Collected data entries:
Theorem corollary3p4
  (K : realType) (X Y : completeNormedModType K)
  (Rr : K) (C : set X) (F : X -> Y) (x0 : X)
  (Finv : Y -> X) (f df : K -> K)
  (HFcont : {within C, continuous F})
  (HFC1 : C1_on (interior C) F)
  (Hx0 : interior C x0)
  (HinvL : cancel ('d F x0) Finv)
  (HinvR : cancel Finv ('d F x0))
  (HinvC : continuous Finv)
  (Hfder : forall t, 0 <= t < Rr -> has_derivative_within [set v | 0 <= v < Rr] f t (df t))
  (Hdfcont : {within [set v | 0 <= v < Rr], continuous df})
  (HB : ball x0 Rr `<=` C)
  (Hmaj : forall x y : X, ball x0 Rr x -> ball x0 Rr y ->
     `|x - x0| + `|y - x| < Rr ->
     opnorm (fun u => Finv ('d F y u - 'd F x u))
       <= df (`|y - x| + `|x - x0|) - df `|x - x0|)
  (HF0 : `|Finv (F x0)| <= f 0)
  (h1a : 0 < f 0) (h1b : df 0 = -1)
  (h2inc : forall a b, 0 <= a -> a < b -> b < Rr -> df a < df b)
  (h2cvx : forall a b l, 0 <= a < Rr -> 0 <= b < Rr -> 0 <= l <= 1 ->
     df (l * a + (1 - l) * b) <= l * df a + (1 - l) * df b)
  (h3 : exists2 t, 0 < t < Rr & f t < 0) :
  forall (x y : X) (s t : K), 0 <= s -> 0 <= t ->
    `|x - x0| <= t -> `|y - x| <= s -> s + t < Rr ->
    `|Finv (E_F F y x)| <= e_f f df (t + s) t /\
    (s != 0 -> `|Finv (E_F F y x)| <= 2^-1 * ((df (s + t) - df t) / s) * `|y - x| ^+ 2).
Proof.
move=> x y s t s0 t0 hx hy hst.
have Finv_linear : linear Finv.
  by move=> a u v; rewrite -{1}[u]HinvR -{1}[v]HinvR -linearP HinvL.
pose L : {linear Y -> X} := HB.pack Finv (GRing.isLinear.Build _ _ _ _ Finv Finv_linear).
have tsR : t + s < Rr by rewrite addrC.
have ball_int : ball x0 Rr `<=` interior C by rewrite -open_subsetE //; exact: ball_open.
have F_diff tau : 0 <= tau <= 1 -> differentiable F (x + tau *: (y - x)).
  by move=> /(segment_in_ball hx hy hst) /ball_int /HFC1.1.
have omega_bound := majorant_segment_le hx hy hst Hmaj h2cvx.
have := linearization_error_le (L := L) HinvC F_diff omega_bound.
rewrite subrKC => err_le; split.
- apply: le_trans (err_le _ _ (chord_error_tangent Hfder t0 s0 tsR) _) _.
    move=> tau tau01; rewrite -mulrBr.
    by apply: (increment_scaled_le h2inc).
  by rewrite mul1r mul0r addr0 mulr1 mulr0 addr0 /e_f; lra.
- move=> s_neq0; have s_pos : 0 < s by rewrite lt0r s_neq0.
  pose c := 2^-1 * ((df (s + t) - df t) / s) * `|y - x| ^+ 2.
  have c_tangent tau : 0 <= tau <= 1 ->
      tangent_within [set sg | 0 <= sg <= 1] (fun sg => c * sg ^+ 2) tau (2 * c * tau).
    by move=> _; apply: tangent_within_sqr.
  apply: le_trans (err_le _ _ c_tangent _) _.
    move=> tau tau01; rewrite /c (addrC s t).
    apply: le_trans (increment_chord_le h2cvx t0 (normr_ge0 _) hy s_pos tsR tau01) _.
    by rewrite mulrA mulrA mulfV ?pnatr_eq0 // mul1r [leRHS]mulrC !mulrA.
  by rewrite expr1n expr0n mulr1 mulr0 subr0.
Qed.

## Description of the task
Reproduce exactly, with nothing added, the lines from the one that contains "s -> s + t < Rr ->" to the end of the data.

## Solution
    `|x - x0| <= t -> `|y - x| <= s -> s + t < Rr ->
    `|Finv (E_F F y x)| <= e_f f df (t + s) t /\
    (s != 0 -> `|Finv (E_F F y x)| <= 2^-1 * ((df (s + t) - df t) / s) * `|y - x| ^+ 2).
Proof.
move=> x y s t s0 t0 hx hy hst.
have Finv_linear : linear Finv.
  by move=> a u v; rewrite -{1}[u]HinvR -{1}[v]HinvR -linearP HinvL.
pose L : {linear Y -> X} := HB.pack Finv (GRing.isLinear.Build _ _ _ _ Finv Finv_linear).
have tsR : t + s < Rr by rewrite addrC.
have ball_int : ball x0 Rr `<=` interior C by rewrite -open_subsetE //; exact: ball_open.
have F_diff tau : 0 <= tau <= 1 -> differentiable F (x + tau *: (y - x)).
  by move=> /(segment_in_ball hx hy hst) /ball_int /HFC1.1.
have omega_bound := majorant_segment_le hx hy hst Hmaj h2cvx.
have := linearization_error_le (L := L) HinvC F_diff omega_bound.
rewrite subrKC => err_le; split.
- apply: le_trans (err_le _ _ (chord_error_tangent Hfder t0 s0 tsR) _) _.
    move=> tau tau01; rewrite -mulrBr.
    by apply: (increment_scaled_le h2inc).
  by rewrite mul1r mul0r addr0 mulr1 mulr0 addr0 /e_f; lra.
- move=> s_neq0; have s_pos : 0 < s by rewrite lt0r s_neq0.
  pose c := 2^-1 * ((df (s + t) - df t) / s) * `|y - x| ^+ 2.
  have c_tangent tau : 0 <= tau <= 1 ->
      tangent_within [set sg | 0 <= sg <= 1] (fun sg => c * sg ^+ 2) tau (2 * c * tau).
    by move=> _; apply: tangent_within_sqr.
  apply: le_trans (err_le _ _ c_tangent _) _.
    move=> tau tau01; rewrite /c (addrC s t).
    apply: le_trans (increment_chord_le h2cvx t0 (normr_ge0 _) hy s_pos tsR tau01) _.
    by rewrite mulrA mulrA mulfV ?pnatr_eq0 // mul1r [leRHS]mulrC !mulrA.
  by rewrite expr1n expr0n mulr1 mulr0 subr0.
Qed.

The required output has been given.